*** EXERCISE MATERIAL ***

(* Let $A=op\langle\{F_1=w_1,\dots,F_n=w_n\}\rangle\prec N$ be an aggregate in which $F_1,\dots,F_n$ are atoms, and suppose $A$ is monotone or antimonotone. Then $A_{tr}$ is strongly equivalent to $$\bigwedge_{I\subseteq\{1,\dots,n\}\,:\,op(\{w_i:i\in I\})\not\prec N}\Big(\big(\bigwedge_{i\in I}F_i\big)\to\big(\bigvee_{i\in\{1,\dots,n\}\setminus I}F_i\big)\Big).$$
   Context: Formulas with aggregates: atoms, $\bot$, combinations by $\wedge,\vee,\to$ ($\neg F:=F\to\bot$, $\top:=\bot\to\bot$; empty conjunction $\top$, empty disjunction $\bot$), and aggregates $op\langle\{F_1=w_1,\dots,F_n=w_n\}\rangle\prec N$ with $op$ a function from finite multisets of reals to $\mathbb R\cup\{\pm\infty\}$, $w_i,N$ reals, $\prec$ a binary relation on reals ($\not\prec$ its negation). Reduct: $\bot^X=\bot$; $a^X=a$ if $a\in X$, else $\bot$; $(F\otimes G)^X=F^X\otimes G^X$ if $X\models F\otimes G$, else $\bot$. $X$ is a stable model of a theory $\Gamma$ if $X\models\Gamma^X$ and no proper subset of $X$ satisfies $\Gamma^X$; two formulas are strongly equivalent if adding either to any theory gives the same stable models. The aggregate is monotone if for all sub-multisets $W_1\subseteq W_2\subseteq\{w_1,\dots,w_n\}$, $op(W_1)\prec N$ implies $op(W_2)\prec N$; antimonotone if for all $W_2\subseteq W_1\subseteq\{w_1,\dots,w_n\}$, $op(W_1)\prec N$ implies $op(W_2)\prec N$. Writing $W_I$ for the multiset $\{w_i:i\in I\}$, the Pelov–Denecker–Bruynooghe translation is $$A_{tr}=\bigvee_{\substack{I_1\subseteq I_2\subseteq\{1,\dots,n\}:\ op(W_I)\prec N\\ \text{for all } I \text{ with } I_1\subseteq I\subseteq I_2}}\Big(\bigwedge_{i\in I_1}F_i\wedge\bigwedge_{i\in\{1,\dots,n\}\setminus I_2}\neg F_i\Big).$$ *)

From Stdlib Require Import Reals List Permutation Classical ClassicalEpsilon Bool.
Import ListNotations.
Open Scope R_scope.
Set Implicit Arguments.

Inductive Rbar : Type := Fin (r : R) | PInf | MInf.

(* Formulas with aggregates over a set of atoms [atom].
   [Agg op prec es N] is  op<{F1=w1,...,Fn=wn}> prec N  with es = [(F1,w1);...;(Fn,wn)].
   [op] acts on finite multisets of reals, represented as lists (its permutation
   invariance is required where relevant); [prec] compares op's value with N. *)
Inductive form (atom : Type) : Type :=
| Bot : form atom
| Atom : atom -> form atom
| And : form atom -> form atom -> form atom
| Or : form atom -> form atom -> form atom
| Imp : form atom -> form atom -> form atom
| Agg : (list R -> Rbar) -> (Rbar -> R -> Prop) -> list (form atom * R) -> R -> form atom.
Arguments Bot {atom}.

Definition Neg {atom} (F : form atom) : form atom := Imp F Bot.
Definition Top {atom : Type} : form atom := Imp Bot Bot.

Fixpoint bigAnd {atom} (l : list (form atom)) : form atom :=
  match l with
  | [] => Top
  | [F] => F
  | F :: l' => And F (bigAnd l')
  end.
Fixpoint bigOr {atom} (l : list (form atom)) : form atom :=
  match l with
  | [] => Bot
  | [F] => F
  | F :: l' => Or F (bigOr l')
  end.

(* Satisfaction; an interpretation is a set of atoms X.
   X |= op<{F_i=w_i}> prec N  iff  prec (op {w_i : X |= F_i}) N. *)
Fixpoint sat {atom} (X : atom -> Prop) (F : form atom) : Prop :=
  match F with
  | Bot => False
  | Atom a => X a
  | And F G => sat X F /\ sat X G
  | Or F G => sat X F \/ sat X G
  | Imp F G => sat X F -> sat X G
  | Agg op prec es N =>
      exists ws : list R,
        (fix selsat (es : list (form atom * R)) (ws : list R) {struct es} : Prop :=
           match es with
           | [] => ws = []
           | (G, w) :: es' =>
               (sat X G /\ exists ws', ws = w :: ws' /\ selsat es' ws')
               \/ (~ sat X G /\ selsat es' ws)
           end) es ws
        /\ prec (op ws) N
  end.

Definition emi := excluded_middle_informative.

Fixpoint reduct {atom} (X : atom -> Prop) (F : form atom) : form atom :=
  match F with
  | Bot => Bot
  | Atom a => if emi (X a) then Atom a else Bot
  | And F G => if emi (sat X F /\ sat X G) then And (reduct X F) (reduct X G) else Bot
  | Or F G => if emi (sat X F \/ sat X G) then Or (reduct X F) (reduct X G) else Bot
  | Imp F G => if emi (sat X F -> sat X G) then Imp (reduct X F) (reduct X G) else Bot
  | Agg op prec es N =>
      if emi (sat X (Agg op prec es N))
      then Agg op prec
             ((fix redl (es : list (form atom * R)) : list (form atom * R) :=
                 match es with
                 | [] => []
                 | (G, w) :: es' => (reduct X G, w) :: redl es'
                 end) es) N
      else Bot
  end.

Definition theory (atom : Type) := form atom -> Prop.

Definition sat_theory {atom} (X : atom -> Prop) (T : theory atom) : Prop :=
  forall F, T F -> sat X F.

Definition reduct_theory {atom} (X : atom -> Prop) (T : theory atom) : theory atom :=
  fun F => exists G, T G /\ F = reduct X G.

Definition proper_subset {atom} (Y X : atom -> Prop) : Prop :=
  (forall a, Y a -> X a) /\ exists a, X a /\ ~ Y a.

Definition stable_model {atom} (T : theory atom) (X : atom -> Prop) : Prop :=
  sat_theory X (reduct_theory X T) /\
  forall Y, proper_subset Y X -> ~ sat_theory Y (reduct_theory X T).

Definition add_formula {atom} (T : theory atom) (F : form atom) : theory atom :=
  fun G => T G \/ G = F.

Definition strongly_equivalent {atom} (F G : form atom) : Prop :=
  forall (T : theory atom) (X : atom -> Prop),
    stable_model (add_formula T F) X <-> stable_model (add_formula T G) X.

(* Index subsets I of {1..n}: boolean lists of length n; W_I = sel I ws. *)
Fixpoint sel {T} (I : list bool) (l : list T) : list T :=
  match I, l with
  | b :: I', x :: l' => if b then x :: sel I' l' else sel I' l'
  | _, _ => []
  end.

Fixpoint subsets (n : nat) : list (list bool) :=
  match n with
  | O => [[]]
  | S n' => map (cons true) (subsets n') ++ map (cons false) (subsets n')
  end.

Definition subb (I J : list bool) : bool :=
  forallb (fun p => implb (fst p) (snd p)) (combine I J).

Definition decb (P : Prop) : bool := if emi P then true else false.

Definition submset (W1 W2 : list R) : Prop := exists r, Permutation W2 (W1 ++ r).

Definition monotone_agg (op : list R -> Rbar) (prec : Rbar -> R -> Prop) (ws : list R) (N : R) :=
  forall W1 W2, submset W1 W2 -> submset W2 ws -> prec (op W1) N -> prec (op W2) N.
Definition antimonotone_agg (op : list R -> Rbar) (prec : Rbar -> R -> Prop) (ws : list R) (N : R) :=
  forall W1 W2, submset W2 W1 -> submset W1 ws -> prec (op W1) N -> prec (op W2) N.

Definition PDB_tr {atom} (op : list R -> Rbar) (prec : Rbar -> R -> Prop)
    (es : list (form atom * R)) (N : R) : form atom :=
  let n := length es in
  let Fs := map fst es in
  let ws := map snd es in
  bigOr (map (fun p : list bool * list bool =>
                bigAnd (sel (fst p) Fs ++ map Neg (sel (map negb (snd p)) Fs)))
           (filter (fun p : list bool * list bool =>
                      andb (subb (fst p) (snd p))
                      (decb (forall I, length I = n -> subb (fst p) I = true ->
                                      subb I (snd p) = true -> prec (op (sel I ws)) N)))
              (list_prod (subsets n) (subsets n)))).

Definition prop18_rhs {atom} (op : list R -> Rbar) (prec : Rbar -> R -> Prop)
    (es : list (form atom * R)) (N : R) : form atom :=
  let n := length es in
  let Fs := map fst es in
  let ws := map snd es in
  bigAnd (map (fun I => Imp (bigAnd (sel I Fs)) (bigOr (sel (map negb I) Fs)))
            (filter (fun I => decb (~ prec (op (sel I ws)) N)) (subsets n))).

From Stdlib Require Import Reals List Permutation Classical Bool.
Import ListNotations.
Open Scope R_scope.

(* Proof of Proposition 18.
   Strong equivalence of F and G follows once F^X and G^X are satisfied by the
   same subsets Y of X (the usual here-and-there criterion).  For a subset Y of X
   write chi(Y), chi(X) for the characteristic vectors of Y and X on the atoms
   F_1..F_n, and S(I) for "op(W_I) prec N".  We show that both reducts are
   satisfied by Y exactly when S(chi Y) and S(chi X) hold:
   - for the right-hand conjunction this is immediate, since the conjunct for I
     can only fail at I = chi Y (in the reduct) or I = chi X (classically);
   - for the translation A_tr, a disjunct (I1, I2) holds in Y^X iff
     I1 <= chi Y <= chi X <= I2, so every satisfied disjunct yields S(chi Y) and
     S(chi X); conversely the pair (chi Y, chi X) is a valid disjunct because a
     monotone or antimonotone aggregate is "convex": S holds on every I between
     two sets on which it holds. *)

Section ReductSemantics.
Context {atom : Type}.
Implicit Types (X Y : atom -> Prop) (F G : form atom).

*** End of EXERCISE MATERIAL ***

- **PROBLEM DETAILS**
Output the lines above between the one holding "Atom a => X a" and the one holding "G) then And", inclusive, with nothing before or after them.

- **SOLUTION**
  | Atom a => X a
  | And F G => sat X F /\ sat X G
  | Or F G => sat X F \/ sat X G
  | Imp F G => sat X F -> sat X G
  | Agg op prec es N =>
      exists ws : list R,
        (fix selsat (es : list (form atom * R)) (ws : list R) {struct es} : Prop :=
           match es with
           | [] => ws = []
           | (G, w) :: es' =>
               (sat X G /\ exists ws', ws = w :: ws' /\ selsat es' ws')
               \/ (~ sat X G /\ selsat es' ws)
           end) es ws
        /\ prec (op ws) N
  end.

Definition emi := excluded_middle_informative.

Fixpoint reduct {atom} (X : atom -> Prop) (F : form atom) : form atom :=
  match F with
  | Bot => Bot
  | Atom a => if emi (X a) then Atom a else Bot
  | And F G => if emi (sat X F /\ sat X G) then And (reduct X F) (reduct X G) else Bot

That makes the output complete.